Eventually, the ONS revised its GVA estimates, and the gap closed somewhat. But even in more recent releases (the dotted purple line), the two measures haven’t fully converged. For me, this was the first sign that something wasn’t quite right in the quality or consistency of the data being published.
Those familiar with our Economic Monitor will know that a health-warning has been attached to Labour Force Survey (LFS) data for almost two years now, following falling response rates to the LFS. To be fair, this problem is not unique to the ONS. But a resolution on the figures keeps getting pushed out. First, early 2024, later on in 2024, and now we can expect them to come out in 2027. So that amounts to four years without official monthly labour market statistics – crucial for informing labour planning, and even more so in the setting of monetary policy.
The issues do not end there. Since March, we have been without Producer Price Index data, imperative in assessing the pass-through of global commodity price pressures into the domestic supply chain. The lack of these figures at such a crucial time of intensifying global shifts in trade patterns, and the associated commodity price impacts, leads to a real blind-spot in informing businesses of their upstream cost pressures.
Put simply, we can’t afford to be flying blind. With official data patchy, late, or under revision, decision-makers need alternative sources they can rely on in real-time. That’s why domestic, private and trade body-led measures have taken on far more importance than in the past.

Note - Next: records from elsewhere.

(* Let $2\le j<k$ be integers and $g_k(x,y)=(1+x+y)^k-ky-\bigl((1+x)^k-1\bigr)$. For $n$ a multiple of $k$ and integers $a,b\ge 0$ with $a+b\le n$, define $$E_{n,j,k}\!\left(\tfrac an,\tfrac bn\right)=\frac{\binom{n}{a,\,b,\,n-a-b}\,S_{n,j,k}(a,b)}{\binom{nj}{ja,\,jb,\,j(n-a-b)}},\qquad S_{n,j,k}(a,b)=\operatorname{coeff}\!\left(g_k(x,y)^{nj/k},\,x^{ja}y^{jb}\right).$$ Let $\alpha,\beta>0$ with $\alpha+\beta<1$, and let $(n,a_n,b_n)$ range over sequences with $n\to\infty$ through multiples of $k$ and $a_n/n\to\alpha$, $b_n/n\to\beta$. Then for all $x,y>0$, $$\limsup_{n\to\infty}\frac1n\ln E_{n,j,k}\!\left(\tfrac{a_n}{n},\tfrac{b_n}{n}\right)\le \frac{j}{k}\ln\frac{1+(1+x+y)^k-ky-(1+x)^k}{x^{k\alpha}y^{k\beta}}+(1-j)\,h(\alpha,\beta,1-\alpha-\beta),$$ where $h(p,q,r)=-p\ln p-q\ln q-r\ln r$.
   Context: $E_{n,j,k}(a/n,b/n)$ is the average number of LM1 stopping sets in a random $(j,k)$-regular LDPC code of length $n$ with $a$ correct (unverified, correctly received) and $b$ incorrect variable nodes, the rest being verified; $g_k(x,y)$ enumerates the edge patterns at a single degree-$k$ check node that prevent LM1 decoding progress ($1$ marks a verified edge, $x$ a correct edge, $y$ an incorrect edge). $\operatorname{coeff}(f,x^py^q)$ denotes the coefficient of $x^py^q$ in the polynomial $f$. *)

From Stdlib Require Import Reals Arith.
Open Scope R_scope.

Definition multinom3 (a b c : nat) : R :=
  INR (fact (a + b + c)) / (INR (fact a) * INR (fact b) * INR (fact c)).

(* coefficient of x^s y^t in g_k(x,y) = (1+x+y)^k - k y - ((1+x)^k - 1) *)
Definition gcoef (k s t : nat) : R :=
  (if (s + t <=? k)%nat then multinom3 s t (k - s - t) else 0)
  - (if (Nat.eqb s 0 && Nat.eqb t 1)%bool then INR k else 0)
  - (if (Nat.eqb t 0 && (1 <=? s)%nat && (s <=? k)%nat)%bool
     then INR (fact k) / (INR (fact s) * INR (fact (k - s))) else 0).

(* coefficient of x^p y^q in f^m, where f is the bivariate polynomial with
   coefficient c s t at x^s y^t (polynomial multiplication written out) *)
Fixpoint pcoef (c : nat -> nat -> R) (m p q : nat) : R :=
  match m with
  | O => if (Nat.eqb p 0 && Nat.eqb q 0)%bool then 1 else 0
  | S m' => sum_f_R0 (fun s =>
              sum_f_R0 (fun t => c s t * pcoef c m' (p - s) (q - t)) q) p
  end.

Definition Snjk (n j k a b : nat) : R :=
  pcoef (gcoef k) (n * j / k) (j * a) (j * b).

Definition Enjk (n j k a b : nat) : R :=
  multinom3 a b (n - a - b) * Snjk n j k a b
  / multinom3 (j * a) (j * b) (j * (n - a - b)).

Definition hent (p q r : R) : R := - p * ln p - q * ln q - r * ln r.

From Stdlib Require Import Reals Arith Lra Lia Bool.
Open Scope R_scope.

(* The proof is a saddle-point (Chernoff) bound combined with Stirling's
   formula.  Since every coefficient of g_k is nonnegative, for any x, y > 0

       coeff(g_k^m, x^p y^q) * x^p y^q <= g_k(x,y)^m,

   and g_k(x,y) = 1 + (1+x+y)^k - k y - (1+x)^k =: G_k(x,y).  On the other hand
   ln m! = m ln m - m + O(ln m), so the logarithms of the two multinomial
   coefficients in E are, up to O(ln n), the "entropy counts"
   n h(a/n, b/n, c/n) and j n h(a/n, b/n, c/n).  Together this gives, for each
   single n, the explicit estimate [ln_Enjk_le]

       (1/n) ln E <= (j/k) ln G_k(x,y) + main_rate(a/n, b/n) + O(ln n / n),

   where main_rate is the right-hand side of the theorem without the G_k term.
   The theorem follows by continuity of main_rate and because the error term
   tends to 0. *)

Lemma sum_single (f : nat -> R) (i n : nat) :
  (i <= n)%nat -> (forall t, t <> i -> f t = 0) -> sum_f_R0 f n = f i.
Proof.
  intros Hin Hf. induction n as [|n IH].
  - assert (i = 0%nat) by lia. subst. reflexivity.
  - simpl. destruct (Nat.eq_dec i (S n)) as [->|Hne].
    + rewrite sum_eq_R0 by (intros; apply Hf; lia). lra.
    + rewrite IH by lia. rewrite (Hf (S n)) by lia. lra.
Qed.

Lemma sum_ext_zero (f : nat -> R) (n m : nat) :
  (forall t, (n < t)%nat -> f t = 0) -> (n <= m)%nat -> sum_f_R0 f m = sum_f_R0 f n.
Proof.
  intros Hf Hnm. induction m as [|m IH].
  - assert (n = 0%nat) by lia. subst. reflexivity.
  - destruct (Nat.eq_dec n (S m)) as [->|Hne]; [reflexivity|].
    simpl. rewrite IH by lia. rewrite Hf by lia. lra.
Qed.

Lemma sum_le_trunc (f : nat -> R) (p k : nat) :
  (forall t, 0 <= f t) -> (forall t, (k < t)%nat -> f t = 0) ->
  sum_f_R0 f p <= sum_f_R0 f k.
Proof.
  intros Hpos Hz. destruct (le_lt_dec p k) as [Hpk|Hkp].
  - clear Hz. induction k as [|k IH].
    + assert (p = 0%nat) by lia. subst. lra.
    + destruct (Nat.eq_dec p (S k)) as [->|Hne]; [lra|].
      simpl. specialize (IH ltac:(lia)). specialize (Hpos (S k)). lra.
  - rewrite (sum_ext_zero f k p); [lra|exact Hz|lia].
Qed.

Lemma sum_mult_r (f : nat -> R) (n : nat) (a : R) :
  sum_f_R0 f n * a = sum_f_R0 (fun i => f i * a) n.
Proof. rewrite Rmult_comm, scal_sum. reflexivity. Qed.

Section CoefficientBound.

Variable c : nat -> nat -> R.
Variable k : nat.
Hypothesis c_nonneg : forall s t, 0 <= c s t.
Hypothesis c_vanish_s : forall s t, (k < s)%nat -> c s t = 0.
Hypothesis c_vanish_t : forall s t, (k < t)%nat -> c s t = 0.

Definition peval (x y : R) : R :=
  sum_f_R0 (fun s => sum_f_R0 (fun t => c s t * x ^ s * y ^ t) k) k.

Lemma monomial_nonneg (x y : R) (s t : nat) :
  0 <= x -> 0 <= y -> 0 <= c s t * x ^ s * y ^ t.
Proof.
  intros hx hy. apply Rmult_le_pos; [apply Rmult_le_pos|]; auto using pow_le.
Qed.

Lemma peval_nonneg (x y : R) : 0 <= x -> 0 <= y -> 0 <= peval x y.
Proof.
  intros hx hy. apply cond_pos_sum; intro s. apply cond_pos_sum; intro t.
  apply monomial_nonneg; auto.
Qed.

Lemma pcoef_nonneg (m p q : nat) : 0 <= pcoef c m p q.
Proof.
  revert p q. induction m as [|m IH]; intros p q; simpl.
  - destruct (Nat.eqb p 0 && Nat.eqb q 0)%bool; lra.
  - apply cond_pos_sum; intro s. apply cond_pos_sum; intro t.
    apply Rmult_le_pos; auto.
Qed.

Lemma partial_eval_le (x y : R) (p q : nat) : 0 <= x -> 0 <= y ->
  sum_f_R0 (fun s => sum_f_R0 (fun t => c s t * x ^ s * y ^ t) q) p <= peval x y.
Proof.
  intros hx hy. unfold peval.
  apply Rle_trans with (sum_f_R0 (fun s => sum_f_R0 (fun t => c s t * x ^ s * y ^ t) k) p).
  - apply sum_Rle; intros s _. apply sum_le_trunc.
    + intro t. apply monomial_nonneg; auto.
    + intros t Ht. rewrite c_vanish_t by exact Ht. ring.
  - apply sum_le_trunc.
    + intro s. apply cond_pos_sum. intro t. apply monomial_nonneg; auto.
    + intros s Hs. apply sum_eq_R0. intros t _. rewrite c_vanish_s by exact Hs. ring.
Qed.

Lemma pcoef_bound (x y : R) (m p q : nat) : 0 < x -> 0 < y ->
  pcoef c m p q * x ^ p * y ^ q <= peval x y ^ m.
Proof.
  intros hx hy. revert p q. induction m as [|m IH]; intros p q.
  - simpl. destruct (Nat.eqb p 0) eqn:Ep; destruct (Nat.eqb q 0) eqn:Eq; simpl;
      try (rewrite !Rmult_0_l; lra).
    apply Nat.eqb_eq in Ep, Eq. subst. simpl. lra.
  - assert (Hpow : 0 <= peval x y ^ m) by (apply pow_le, peval_nonneg; lra).
    simpl pcoef. rewrite !sum_mult_r.
    apply Rle_trans with (sum_f_R0 (fun s => sum_f_R0
      (fun t => c s t * x ^ s * y ^ t) q) p * peval x y ^ m).
    + rewrite sum_mult_r. apply sum_Rle; intros s Hs.
      rewrite !sum_mult_r. apply sum_Rle; intros t Ht.
      assert (Ex : x ^ p = x ^ s * x ^ (p - s)) by (rewrite <- pow_add; f_equal; lia).
      assert (Ey : y ^ q = y ^ t * y ^ (q - t)) by (rewrite <- pow_add; f_equal; lia).
      rewrite Ex, Ey.
      replace (c s t * pcoef c m (p - s) (q - t) * (x ^ s * x ^ (p - s)) * (y ^ t * y ^ (q - t)))
        with (c s t * x ^ s * y ^ t * (pcoef c m (p - s) (q - t) * x ^ (p - s) * y ^ (q - t)))
        by ring.
      apply Rmult_le_compat_l; [apply monomial_nonneg; lra|apply IH].
    + simpl.
      apply Rmult_le_compat_r; [exact Hpow|apply partial_eval_le; lra].
Qed.

End CoefficientBound.

Lemma multinom3_pos (a b c : nat) : 0 < multinom3 a b c.
Proof.
  unfold multinom3. pose proof (INR_fact_lt_0 (a + b + c)). pose proof (INR_fact_lt_0 a).
  pose proof (INR_fact_lt_0 b). pose proof (INR_fact_lt_0 c).
  apply Rdiv_lt_0_compat; [lra|]. repeat apply Rmult_lt_0_compat; lra.
Qed.

Lemma multinom3_binom (k s : nat) : (s <= k)%nat ->
  multinom3 s 0 (k - s) = INR (fact k) / (INR (fact s) * INR (fact (k - s))).
Proof.
  intros H. unfold multinom3. replace (s + 0 + (k - s))%nat with k by lia.
  simpl (fact 0). simpl (INR 1). rewrite Rmult_1_r. reflexivity.
Qed.

Lemma multinom3_0_1 (k : nat) : (1 <= k)%nat -> multinom3 0 1 (k - 0 - 1) = INR k.
Proof.
  intros Hk. destruct k as [|k']; [lia|]. unfold multinom3.
  replace (0 + 1 + (S k' - 0 - 1))%nat with (S k') by lia.
  replace (S k' - 0 - 1)%nat with k' by lia.
  rewrite fact_simpl, mult_INR. simpl (fact 0). simpl (fact 1). simpl (INR 1).
  pose proof (INR_fact_lt_0 k'). field. lra.
Qed.

Lemma binom_mult_multinom3 (k s t : nat) : (s + t <= k)%nat ->
  C k s * C (k - s) t = multinom3 s t (k - s - t).
Proof.
  intros H. unfold C, multinom3. replace (s + t + (k - s - t))%nat with k by lia.
  pose proof (INR_fact_lt_0 k). pose proof (INR_fact_lt_0 s).
  pose proof (INR_fact_lt_0 t). pose proof (INR_fact_lt_0 (k - s)).
  pose proof (INR_fact_lt_0 (k - s - t)).
  field. repeat split; lra.
Qed.

(* The subtracted terms ky and (1+x)^k - 1 cancel exactly against monomials of
   (1+x+y)^k, so all coefficients of g_k are nonnegative. *)
Lemma gcoef_nonneg (k s t : nat) : (1 <= k)%nat -> 0 <= gcoef k s t.
Proof.
  intros Hk. unfold gcoef.
  destruct (Nat.eqb s 0) eqn:Es; destruct (Nat.eqb t 0) eqn:Et;
  destruct (Nat.eqb t 1) eqn:Et1; destruct (1 <=? s)%nat eqn:E1s;
  destruct (s <=? k)%nat eqn:Esk; destruct (s + t <=? k)%nat eqn:Est; simpl;
  apply Nat.eqb_eq in Es || apply Nat.eqb_neq in Es;
  apply Nat.eqb_eq in Et || apply Nat.eqb_neq in Et;
  apply Nat.eqb_eq in Et1 || apply Nat.eqb_neq in Et1;
  apply Nat.leb_le in E1s || apply Nat.leb_gt in E1s;
  apply Nat.leb_le in Esk || apply Nat.leb_gt in Esk;
  apply Nat.leb_le in Est || apply Nat.leb_gt in Est;
  try (exfalso; lia);
  try (pose proof (multinom3_pos s t (k - s - t)); lra).
  - subst. rewrite multinom3_0_1 by lia. lra.
  - subst. replace (k - s - 0)%nat with (k - s)%nat by lia.
    rewrite multinom3_binom by lia. lra.
Qed.

Lemma gcoef_vanish_s (k s t : nat) : (k < s)%nat -> gcoef k s t = 0.
Proof.
  intros H. unfold gcoef.
  replace (s + t <=? k)%nat with false by (symmetry; apply Nat.leb_gt; lia).
  replace (Nat.eqb s 0) with false by (symmetry; apply Nat.eqb_neq; lia).
  replace (s <=? k)%nat with false by (symmetry; apply Nat.leb_gt; lia).
  simpl. rewrite andb_false_r. lra.
Qed.

Lemma gcoef_vanish_t (k s t : nat) : (1 <= k)%nat -> (k < t)%nat -> gcoef k s t = 0.
Proof.
  intros Hk H. unfold gcoef.
  replace (s + t <=? k)%nat with false by (symmetry; apply Nat.leb_gt; lia).
  replace (Nat.eqb t 1) with false by (symmetry; apply Nat.eqb_neq; lia).
  replace (Nat.eqb t 0) with false by (symmetry; apply Nat.eqb_neq; lia).
  simpl. rewrite andb_false_r. lra.
Qed.

Lemma gcoef_0_0 (k : nat) : (1 <= k)%nat -> gcoef k 0 0 = 1.
Proof.
  intros H. unfold gcoef, multinom3. simpl. rewrite !Nat.sub_0_r.
  pose proof (INR_fact_lt_0 k). field. lra.
Qed.

Lemma peval_trinomial (k : nat) (x y : R) :
  peval (fun s t => if (s + t <=? k)%nat then multinom3 s t (k - s - t) else 0) k x y
  = (1 + x + y) ^ k.
Proof.
  unfold peval. replace (1 + x + y) with (x + (1 + y)) by ring. rewrite binomial.
  apply sum_eq. intros s Hs.
  rewrite (sum_ext_zero _ (k - s)).
  2:{ intros t Ht. replace (s + t <=? k)%nat with false by (symmetry; apply Nat.leb_gt; lia). ring. }
  2: lia.
  replace (1 + y) with (y + 1) by ring. rewrite binomial, scal_sum.
  apply sum_eq. intros t Ht.
  replace (s + t <=? k)%nat with true by (symmetry; apply Nat.leb_le; lia).
  rewrite <- binom_mult_multinom3 by lia. rewrite pow1. ring.
Qed.

Lemma peval_ky (k : nat) (x y : R) : (1 <= k)%nat ->
  peval (fun s t => if (Nat.eqb s 0 && Nat.eqb t 1)%bool then INR k else 0) k x y = INR k * y.
Proof.
  intros Hk. unfold peval.
  rewrite (sum_single _ 0%nat) by (lia || (intros s Hs; apply sum_eq_R0; intros t _;
     replace (Nat.eqb s 0) with false by (symmetry; apply Nat.eqb_neq; lia); simpl; ring)).
  rewrite (sum_single _ 1%nat) by (lia || (intros t Ht;
     replace (Nat.eqb t 1) with false by (symmetry; apply Nat.eqb_neq; lia); simpl; ring)).
  simpl. ring.
Qed.

Lemma peval_binomial_minus_1 (k : nat) (x y : R) :
  peval (fun s t => if (Nat.eqb t 0 && (1 <=? s)%nat && (s <=? k)%nat)%bool
     then INR (fact k) / (INR (fact s) * INR (fact (k - s))) else 0) k x y
  = (1 + x) ^ k - 1.
Proof.
  unfold peval.
  transitivity (sum_f_R0 (fun s => C k s * x ^ s * 1 ^ (k - s) - (if Nat.eqb s 0 then 1 else 0)) k).
  - apply sum_eq. intros s Hs.
    rewrite (sum_single _ 0%nat) by (lia || (intros t Ht;
       replace (Nat.eqb t 0) with false by (symmetry; apply Nat.eqb_neq; lia); simpl; ring)).
    simpl Nat.eqb. rewrite andb_true_l.
    replace (s <=? k)%nat with true by (symmetry; apply Nat.leb_le; lia).
    rewrite pow1. unfold C. destruct s as [|s'].
    + simpl. rewrite Nat.sub_0_r. pose proof (INR_fact_lt_0 k). field. lra.
    + simpl. ring.
  - rewrite minus_sum, <- binomial.
    rewrite (sum_single _ 0%nat) by (lia || (intros t Ht;
       replace (Nat.eqb t 0) with false by (symmetry; apply Nat.eqb_neq; lia); reflexivity)).
    simpl. replace (x + 1) with (1 + x) by ring. ring.
Qed.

The British Retail Consortium has attempted to plug the gap for our members, enhancing our Retail Sales Monitor (widely used and trusted across the industry) and developing more recently the HR Benchmark, a labour planning tool for retailers, utilising data covering one in three retail workers.
It’s no longer just about supplementing official figures. In many cases, it’s about substituting them. Until the ONS can consistently deliver accurate, timely and complete data, serious users will need to look elsewhere to make informed decisions.